Signed-off-by: Omar Sandoval <osandov@osandov.com>
In preparation for adding our own unwinder, add support for parsing and
finding DWARF/EH call frame information. Use a generic representation of
call frame information so that we can support other formats like ORC in
the future.
Signed-off-by: Omar Sandoval <osandov@osandov.com>
libdwfl stores registers in an array of uint64_t indexed by the DWARF
register number. This is suboptimal for a couple of reasons:
1. Although the DWARF specification states that registers should be
numbered for "optimal density", in practice this isn't the case. ABIs
include unused ranges of numbers and don't order registers based on
how likely they are to be known (e.g., caller-saved registers usually
aren't recovered while unwinding the stack, but they are often
numbered before callee-saved registers).
2. This precludes support for registers larger than 64 bits, like SSE
registers.
For our own unwinder, we want to store registers in an
architecture-specific format to solve both of these problems.
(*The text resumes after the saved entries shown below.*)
(* A maximiser v of <w, A w> on the unit sphere of ker N is an eigenvector: with mu
   the maximum, mu I - A is positive semidefinite on ker N and isotropic at v. *)
Lemma stable_kernel_eigenvector (N : 'M[R]_n) (v0 : 'cV[R]_n) :
  (forall v, N *m v = 0 -> N *m (A *m v) = 0) -> N *m v0 = 0 -> v0 != 0 ->
  exists mu, exists2 v : 'cV[R]_n, N *m v = 0 /\ v != 0 & A *m v = mu *: v.
Proof.
move=> stableN Nv0 v00; have [v [Nv v1] vmax] := rayleigh_max A Nv0 v00.
set mu := dotv v (A *m v); pose C := mu%:M - A.
have Cw w : C *m w = mu *: w - A *m w by rewrite mulmxBl mul_scalar_mx.
have symC : C^T = C by rewrite linearB /= tr_scalar_mx symA.
set u := A *m v - mu *: v.
have Nu : N *m u = 0 by rewrite mulmxBr stableN // -scalemxAr Nv scaler0 subr0.
have Cpsd t : 0 <= dotv (v + t *: u) (C *m (v + t *: u)).
  have Nvtu : N *m (v + t *: u) = 0 by rewrite mulmxDr -scalemxAr Nu scaler0 addr0.
  by rewrite Cw dotvBr dotvZr subr_ge0 vmax.
have Cv0 : dotv v (C *m v) = 0 by rewrite Cw dotvBr dotvZr v1 mulr1 subrr.
have := psd_isotropic symC Cpsd Cv0.
have Cvu : C *m v = -1 *: u by rewrite Cw scaleN1r opprB.
rewrite dotv_sym // Cvu dotvZl mulN1r => /eqP; rewrite oppr_eq0 dotv_eq0 subr_eq0.
by move/eqP=> Av; exists mu, v => //; split; rewrite -?dotv_eq0 ?v1 ?oner_eq0.
Qed.

Definition eigvals := polyrcf.rootsR (char_poly A).

Lemma mem_eigvals l : (l \in eigvals) = eigenvalue A l.
Proof.
have chA0 : char_poly A != 0 by rewrite monic_neq0 ?char_poly_monic.
by have := polyrcf.roots_on_rootsR chA0 l; rewrite in_itv /= eigenvalue_root_char.
Qed.

Lemma uniq_eigvals : uniq eigvals.
Proof. exact: polyrcf.uniq_roots. Qed.

Let E := (\sum_(i < size eigvals) eigenspace A eigvals`_i)%MS.

Let eigenspace_sum_kernel0 v : E *m v = 0 -> v = 0.
Proof.
move=> Ev; apply/eqP; apply: contraT => v0.
have stableE w : E *m w = 0 -> E *m (A *m w) = 0.
  have /submxP [X EA] : (E *m A <= E)%MS.
    rewrite sumsmxMr; apply: sumsmxS => i _.
    by have /eigenspaceP -> := submx_refl (eigenspace A eigvals`_i); exact: scalemx_sub.
  by move=> Ew; rewrite mulmxA EA -mulmxA Ew mulmx0.
have [mu [w [Ew w0] Aw]] := stable_kernel_eigenvector stableE Ev v0.
have /(nthP 0) [i ilt eq_mu] : mu \in eigvals.
  rewrite mem_eigvals; apply/eigenvalueP; exists w^T; rewrite ?trmx_eq0 //.
  by rewrite -{1}symA -trmx_mul Aw linearZ.
have /submxP [y wy] : (w^T <= E)%MS.
  by apply: (sumsmx_sup (Ordinal ilt)) => //=; rewrite eq_mu; exact/eigenspace_colP.
by move: w0; rewrite -dotv_eq0 /dotv wy -mulmxA Ew mulmx0 mxE eqxx.
Qed.

Let eigenspace_sum_full : row_full E.
Proof.
rewrite /row_full -mxrank_tr -/(row_free E^T) -kermx_eq0.
apply/rowV0P => y /sub_kermxP /(congr1 trmx); rewrite trmx_mul trmxK trmx0.
by move/eigenspace_sum_kernel0/(congr1 trmx); rewrite trmxK trmx0.
Qed.

Lemma sum_eigenproj v : \sum_(l <- eigvals) eigenproj A l *m v = v.
Proof.
have /sub_sumsmxP [x_ vE] := submx_full v^T eigenspace_sum_full.
pose x i := (x_ i *m eigenspace A eigvals`_i)^T.
have Ax i : A *m x i = eigvals`_i *: x i.
  by apply/(eigenspace_colP symA); rewrite /x trmxK submxMl.
have {vE}-> : v = \sum_i x i by rewrite -[v]trmxK vE linear_sum.
rewrite (big_nth 0) big_mkord; under eq_bigr do rewrite mulmx_sumr.
rewrite exchange_big /=.
apply: eq_bigr => i _; rewrite (bigD1 i) //= (eigenproj_id symA (Ax i)) big1 ?addr0 //.
move=> j ji; rewrite (eigenproj_eq0 symA (Ax i)) //.
by rewrite nth_uniq ?uniq_eigvals // eq_sym.
Qed.

End SpectralDecomposition.

Section PoleSums.
Variable R : realFieldType.
Implicit Types (a b d l lam r x : R).

Lemma term_near_pole_ge lam l w d : lam != 0 -> 0 < d <= 1 -> 0 <= w ->
  l * lam <= lam ^+ 2 ->
  - (`|l * lam| * w) <= lam * (l * w / (1 - l * ((1 - d) / lam)) ^+ 2).
Proof.
move=> lam0 /andP [d0 d1] w0 llam; have lam2 : 0 < lam ^+ 2 by rewrite exprn_even_gt0.
set D := 1 - _; have -> : lam * (l * w / D ^+ 2) = l * lam * w / D ^+ 2 by ring.
have [k0 | k0] := lerP 0 (l * lam).
  by apply: (@le_trans _ _ 0); rewrite ?oppr_le0 ?divr_ge0 ?sqr_ge0 // mulr_ge0.
have D1 : 1 <= D.
  have -> : D = 1 - l * lam * (1 - d) / lam ^+ 2 by rewrite /D; field.
  have : l * lam * (1 - d) <= 0 by nra.
  by rewrite lerDl oppr_ge0 ler_pdivrMr // mul0r.
have y1 : (D ^+ 2)^-1 <= 1 by rewrite invf_le1 ?exprn_ege1 ?exprn_gt0 ?(lt_le_trans ltr01).
have y0 : 0 <= (D ^+ 2)^-1 by rewrite invr_ge0 sqr_ge0.
have kw : l * lam * w <= 0 by rewrite mulr_le0_ge0 // ltW.
rewrite ltr0_norm // mulNr opprK; move: kw y1; set K := l * lam * w; nra.
Qed.

Lemma sum_near_pole_gt0 (s : seq R) (w : R -> R) lam :
  uniq s -> lam \in s -> lam != 0 -> 0 < w lam ->
  {in s, forall l, 0 <= w l /\ l * lam <= lam ^+ 2} ->
  exists2 d, 0 < d <= 1 &
    0 < lam * \sum_(l <- s) l * w l / (1 - l * ((1 - d) / lam)) ^+ 2.
Proof.
move=> us ls lam0 wlam sw; have lam2 : 0 < lam ^+ 2 by rewrite exprn_even_gt0.
set L := lam ^+ 2 * w lam; have L0 : 0 < L by rewrite mulr_gt0.
set N := \sum_(l <- s | l != lam) `|l * lam| * w l.
have N0 : 0 <= N.
  by rewrite /N big_seq_cond sumr_ge0 // => l /andP [/sw [wl _] _]; rewrite mulr_ge0.
set d := L / (N + L); have NL0 : N + L != 0 by rewrite gt_eqF ?ltr_wpDl.
have d0 : 0 < d by rewrite divr_gt0 ?ltr_wpDl.
have d1 : d <= 1 by rewrite ler_pdivrMr ?ltr_wpDl // mul1r lerDr.
exists d; first by rewrite d0 d1.
rewrite mulr_sumr (bigD1_seq lam) //=.
have -> : lam * (lam * w lam / (1 - lam * ((1 - d) / lam)) ^+ 2) = L / d ^+ 2.
  have -> : 1 - lam * ((1 - d) / lam) = d by field.
  by rewrite /L; field; rewrite gt_eqF.
have others : - N <= \sum_(l <- s | l != lam)
                       lam * (l * w l / (1 - l * ((1 - d) / lam)) ^+ 2).
  rewrite /N -sumrN big_seq_cond [leRHS]big_seq_cond; apply: ler_sum.
  by move=> l /andP [/sw [wl llam] _]; rewrite term_near_pole_ge ?d0.
have large : N + L <= L / d ^+ 2.
  have -> : L / d ^+ 2 = (N + L) * d^-1 by rewrite /d; field; rewrite NL0 gt_eqF.
  by rewrite ler_peMr ?invf_ge1 // addr_ge0 // ltW.
lra.
Qed.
So, have each architecture define its layout with registers arranged for
space efficiency and convenience when parsing saved registers from core
dumps. Instead of generating an arch_foo.c file from arch_foo.c.in,
separately define the logical register order in an arch_foo.defs file,
and use it to generate an arch_foo.inc file that is included from
arch_foo.c. The layout is defined as a macro in arch_foo.c. While we're
here, drop some register definitions that aren't useful at the moment.
Then, define struct drgn_register_state to efficiently store registers
in the defined format.
Signed-off-by: Omar Sandoval <osandov@osandov.com>
In order to retrieve registers from stack traces, we need to know what
registers are defined for a platform. This adds a small DSL for defining
registers for an architecture. The DSL is parsed by an awk script that
generates the necessary tables, lookup functions, and enum definitions.
For now, we only support stack traces for the Linux kernel (at least
v4.9) on x86-64, and we only support getting the program counter and
corresponding function symbol from each stack frame.
For stack trace support, we'll need to have some architecture-specific
functionality. drgn's current notion of an architecture doesn't actually
include the instruction set architecture. This change expands it to a
"platform", which includes the ISA as well as the existing flags.